Неясно было, видят нас с кораблей или нет. Во всяком случае, эти путешественники никаких признаков интереса не проявляли. Разглядеть людей на таком расстоянии на фоне береговой зелени с воды вряд ли было возможно. Но у нас как-то поднялось настроение при виде кораблей – ясно, что плывут люди, и видно, что никого не опасаются…
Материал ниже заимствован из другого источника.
(* Let $A$ be an irreducible abstract state space and $B$ an abstract state space. Then every isomorphism state $\omega \in A\otimes_{\max} B$ (if any exists) is pure in $A\otimes_{\max} B$, i.e., lies on an extremal ray of the positive cone of $A\otimes_{\max} B$ (equivalently, $\hat\omega$ lies on an extremal ray of the cone of positive linear maps $A^*\to B$).
   Context: An abstract state space is a pair $(A,u_A)$ where $A$ is a finite-dimensional real vector space with a closed, pointed, generating convex cone $A_+$, and $u_A$ is a strictly positive linear functional (an interior point of the dual cone $A^*_+=\{f\in A^*: f(A_+)\subseteq[0,\infty)\}$). $A$ is irreducible if it admits no decomposition $A=A_1\oplus A_2$ with $A_1,A_2$ nonzero subspaces and $A_+=(A_+\cap A_1)+(A_+\cap A_2)$. $A\otimes_{\max}B$ is the space of bilinear forms on $A^*\times B^*$, with positive cone consisting of forms $\omega$ with $\omega(a,b)\ge0$ for all $a\in A^*_+$, $b\in B^*_+$; a state is a positive such $\omega$ with $\omega(u_A,u_B)=1$. For a bilinear form $\omega$, define $\hat\omega:A^*\to B=B^{**}$ by $\hat\omega(a)(b)=\omega(a,b)$. A state $\omega$ is an isomorphism state if $\hat\omega:A^*\to B$ is an order-isomorphism, i.e., a linear bijection with $\hat\omega(a)\in B_+$ iff $a\in A^*_+$. *)

From HB Require Import structures.
From mathcomp Require Import all_boot all_order all_algebra.
From mathcomp Require Import all_classical all_reals all_analysis.
Set Implicit Arguments. Unset Strict Implicit. Unset Printing Implicit Defensive.
Import Order.TTheory GRing.Theory Num.Theory.
Import numFieldNormedType.Exports.
Local Open Scope classical_set_scope.
Local Open Scope ring_scope.

(* A finite-dimensional real vector space is modelled by coordinates 'rV[R]_n.
   Its dual A^* is also modelled by 'rV[R]_n, via the canonical pairing below. *)
Definition dpair (R : realType) (n : nat) (a f : 'rV[R]_n) : R :=
  \sum_(i < n) a 0 i * f 0 i.

Definition convex_cone (R : realType) (n : nat) (C : set 'rV[R]_n) : Prop :=
  C 0 /\ (forall x y, C x -> C y -> C (x + y)) /\
  (forall (t : R) x, 0 <= t -> C x -> C (t *: x)).

Definition pointed_cone (R : realType) (n : nat) (C : set 'rV[R]_n) : Prop :=
  forall x, C x -> C (- x) -> x = 0.

Definition generating_cone (R : realType) (n : nat) (C : set 'rV[R]_n) : Prop :=
  forall v, exists a b, C a /\ C b /\ v = a - b.

Definition dual_cone (R : realType) (n : nat) (C : set 'rV[R]_n) : set 'rV[R]_n :=
  [set f | forall a, C a -> 0 <= dpair a f].

Definition abstract_state_space (R : realType) (n : nat)
    (C : set 'rV[R]_n) (u : 'rV[R]_n) : Prop :=
  [/\ convex_cone C, closed C, pointed_cone C, generating_cone C
    & (interior (dual_cone C)) u].

Definition irreducible_ss (R : realType) (n : nat) (C : set 'rV[R]_n) : Prop :=
  ~ exists A1 A2 : {vspace 'rV[R]_n},
      [/\ (A1 + A2)%VS = fullv, (A1 :&: A2)%VS = 0%VS,
          A1 != 0%VS, A2 != 0%VS &
          C = [set x | exists a1 a2, [/\ C a1, a1 \in A1, C a2, a2 \in A2
                                        & x = a1 + a2]]].

(* A ⊗_max B: bilinear forms on A^* x B^*, modelled as n x m matrices M with
   omega(f, g) = sum_ij f_i M_ij g_j *)
Definition bform (R : realType) (n m : nat) (M : 'M[R]_(n, m))
    (f : 'rV[R]_n) (g : 'rV[R]_m) : R :=
  (f *m M *m g^T) 0 0.

Definition max_tensor_cone (R : realType) (n m : nat)
    (CA : set 'rV[R]_n) (CB : set 'rV[R]_m) : set 'M[R]_(n, m) :=
  [set M | forall f g, dual_cone CA f -> dual_cone CB g -> 0 <= bform M f g].

Definition max_state (R : realType) (n m : nat)
    (CA : set 'rV[R]_n) (uA : 'rV[R]_n) (CB : set 'rV[R]_m) (uB : 'rV[R]_m)
    (M : 'M[R]_(n, m)) : Prop :=
  max_tensor_cone CA CB M /\ bform M uA uB = 1.

(* hat omega : A^* -> B = B^**, f |-> omega(f, .); in coordinates f |-> f *m M,
   since bform M f g = dpair (f *m M) g. *)
Definition omega_hat (R : realType) (n m : nat) (M : 'M[R]_(n, m))
    (f : 'rV[R]_n) : 'rV[R]_m := f *m M.

Definition order_isomorphism (R : realType) (n m : nat)
    (DA : set 'rV[R]_n) (CB : set 'rV[R]_m) (T : 'rV[R]_n -> 'rV[R]_m) : Prop :=
  bijective T /\ forall f, CB (T f) <-> DA f.

Definition isomorphism_state (R : realType) (n m : nat)
    (CA : set 'rV[R]_n) (uA : 'rV[R]_n) (CB : set 'rV[R]_m) (uB : 'rV[R]_m)
    (M : 'M[R]_(n, m)) : Prop :=
  max_state CA uA CB uB M /\ order_isomorphism (dual_cone CA) CB (omega_hat M).

Definition on_extremal_ray (R : realType) (V : lmodType R) (C : set V) (x : V) : Prop :=
  [/\ C x, x != 0 &
      forall y z, C y -> C z -> x = y + z -> exists t : R, 0 <= t /\ y = t *: x].

(* If [Y + Z = M] in the maximal tensor cone with [M] an isomorphism state and
   [N] the inverse of [M], then [h |-> h (Y N)^T] and its complement
   [h |-> h (Z N)^T] are both positive maps of [A] (by the bipolar theorem).
   A positive map dominated by the identity fixes every extremal ray of [A_+],
   and since [A_+] is the sum of its extremal rays, two distinct eigenvalues on
   extremal rays [l1 <> l2] would split [A_+] along the kernel and the image of
   the map minus [l1], which irreducibility forbids.  Hence [Y N] is scalar and
   [Y] is a multiple of [M]. *)

From Pilot Require Import Defs.
From HB Require Import structures.
From mathcomp Require Import all_boot all_order all_algebra.
From mathcomp Require Import all_classical all_reals all_analysis.
From mathcomp Require Import ring lra.
Set Implicit Arguments. Unset Strict Implicit. Unset Printing Implicit Defensive.
Import Order.TTheory GRing.Theory Num.Theory.
Import numFieldNormedType.Exports.
Import Pilot.Defs.
Local Open Scope classical_set_scope.
Local Open Scope ring_scope.

Section DualPairing.
Variables (R : realType) (n : nat).
Implicit Types (a b f g : 'rV[R]_n).

Lemma dpairE a f : dpair a f = (a *m f^T) 0 0.
Proof. by rewrite /dpair !mxE; apply: eq_bigr => i _; rewrite !mxE. Qed.

Lemma dpairC a f : dpair a f = dpair f a.
Proof. by apply: eq_bigr => i _; rewrite mulrC. Qed.

Lemma dpairDl a b f : dpair (a + b) f = dpair a f + dpair b f.
Proof. by rewrite /dpair -big_split; apply: eq_bigr => i _; rewrite !mxE mulrDl. Qed.

Lemma dpairZl (t : R) a f : dpair (t *: a) f = t * dpair a f.
Proof. by rewrite /dpair mulr_sumr; apply: eq_bigr => i _; rewrite !mxE mulrA. Qed.

Lemma dpairNl a f : dpair (- a) f = - dpair a f.
Proof. by rewrite -scaleN1r dpairZl mulN1r. Qed.

Lemma dpairBl a b f : dpair (a - b) f = dpair a f - dpair b f.
Proof. by rewrite dpairDl dpairNl. Qed.

Lemma dpairDr a f g : dpair a (f + g) = dpair a f + dpair a g.
Proof. by rewrite dpairC dpairDl !(dpairC a). Qed.

Lemma dpairZr (t : R) a f : dpair a (t *: f) = t * dpair a f.
Proof. by rewrite dpairC dpairZl dpairC. Qed.

Lemma dpairNr a f : dpair a (- f) = - dpair a f.
Proof. by rewrite dpairC dpairNl dpairC. Qed.

Lemma dpairBr a f g : dpair a (f - g) = dpair a f - dpair a g.
Proof. by rewrite dpairDr dpairNr. Qed.

Lemma dpair_delta_mx a i : dpair a (delta_mx 0 i) = a 0 i.
Proof.
rewrite /dpair (bigD1 i) //= big1 ?addr0; first by rewrite !mxE !eqxx mulr1.
by move=> j /negbTE ji; rewrite !mxE ji andbF mulr0.
Qed.

Lemma sqr_coord_le_dpair a i : a 0 i ^+ 2 <= dpair a a.
Proof.
by rewrite /dpair (bigD1 i) //= expr2 lerDl sumr_ge0 // => j _; rewrite -expr2 sqr_ge0.
Qed.

Lemma dpair_self_ge0 a : 0 <= dpair a a.
Proof. by rewrite sumr_ge0 // => i _; rewrite -expr2 sqr_ge0. Qed.

Lemma dpair_self_eq0 a : dpair a a = 0 -> a = 0.
Proof.
move/eqP; rewrite psumr_eq0 => [/allP a0|i _]; last by rewrite -expr2 sqr_ge0.
apply/rowP => i; rewrite mxE; apply/eqP.
by have := a0 i (mem_index_enum _); rewrite mulf_eq0 orbb.
Qed.

End DualPairing.

Section NearestPoint.
Variables (R : realType) (n : nat).

Definition sqdist (x c : 'rV[R]_n) : R := dpair (x - c) (x - c).

Lemma continuous_sqdist x : continuous (sqdist x).
Proof.
have -> : sqdist x = fun c => \sum_(i < n) (x 0 i - c 0 i) * (x 0 i - c 0 i).
  by apply: funext => c; apply: eq_bigr => i _; rewrite !mxE.
apply: continuous_big => [|i _ c]; first exact: add_continuous.
have cvg_coord : (x 0 i - c' 0 i) @[c' --> c] --> x 0 i - c 0 i.
  by apply: cvgB; [exact: cvg_cst | exact: coord_continuous].
by apply: cvgM; [exact: nbhs_filter | exact: cvg_coord | exact: cvg_coord].
Qed.

Lemma normr_le_1Dsqr (t : R) : `|t| <= 1 + t ^+ 2.
Proof.
have [t1|t1] := leP `|t| 1; first by rewrite (le_trans t1) // lerDl sqr_ge0.
by rewrite -real_normK ?num_real; nra.
Qed.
…На берегу Волги на нас напала не то что апатия – просто лень, как будто это место в самом деле было местом нашего назначения и больше никуда идти не требовалось. Разленились все. Охота в окрестностях была отличной, врага не наблюдалось, хватало грибов и разной съедобной зелени, в которой неплохо умели разбираться мы все, а девчонки – особенно. Сушняка тоже оказалось полным-полно, лагерь уже к концу первых суток обрел привычно-жилой вид – с навесом, туалетом, аккуратным кострищем… А уж на третьи сутки вообще всем казалось, что мы отсюда никуда и не двинемся…
* * *
– Ладно, – сказал я Игорю и Андрюшке, – давайте, тащите грибы в лагерь, а я пройдусь чуть-чуть.
– Один? – обеспокоился Андрей, берясь за импровизированный мешок из своей куртки. – Не находился, что ли?
– Да я недалеко, просто так. – И я успокаивающе положил руку на кобуру нагана. В таком положении я сам себе нравился – весьма героический вид. Сразу видно, что я – человек очень серьезный.
Ходить просто так мне всегда очень нравилось. А тут еще было много интересного. Не знаю, была ли Волга в этом мире шире, чем в нашем, но что красивее – наверняка. Честное слово. Вчера во время вот такой нашей пешей прогулки – правда, в другую сторону, – я обнаружил совершенно неземной красоты, как из фантастической книги, мелкую заводь, где в зеленоватой воде среди бело-розовых цветков кувшинки бродили какие-то большущие существа, похрюкивавшие, точно огромные свиньи. (Кажется, я таких вот видел на картинках в «Палеонтологии», а Олег Фирсов наверняка смог бы назвать их точно.) Они выбирали из заводи водоросли и не очень портили общую картину.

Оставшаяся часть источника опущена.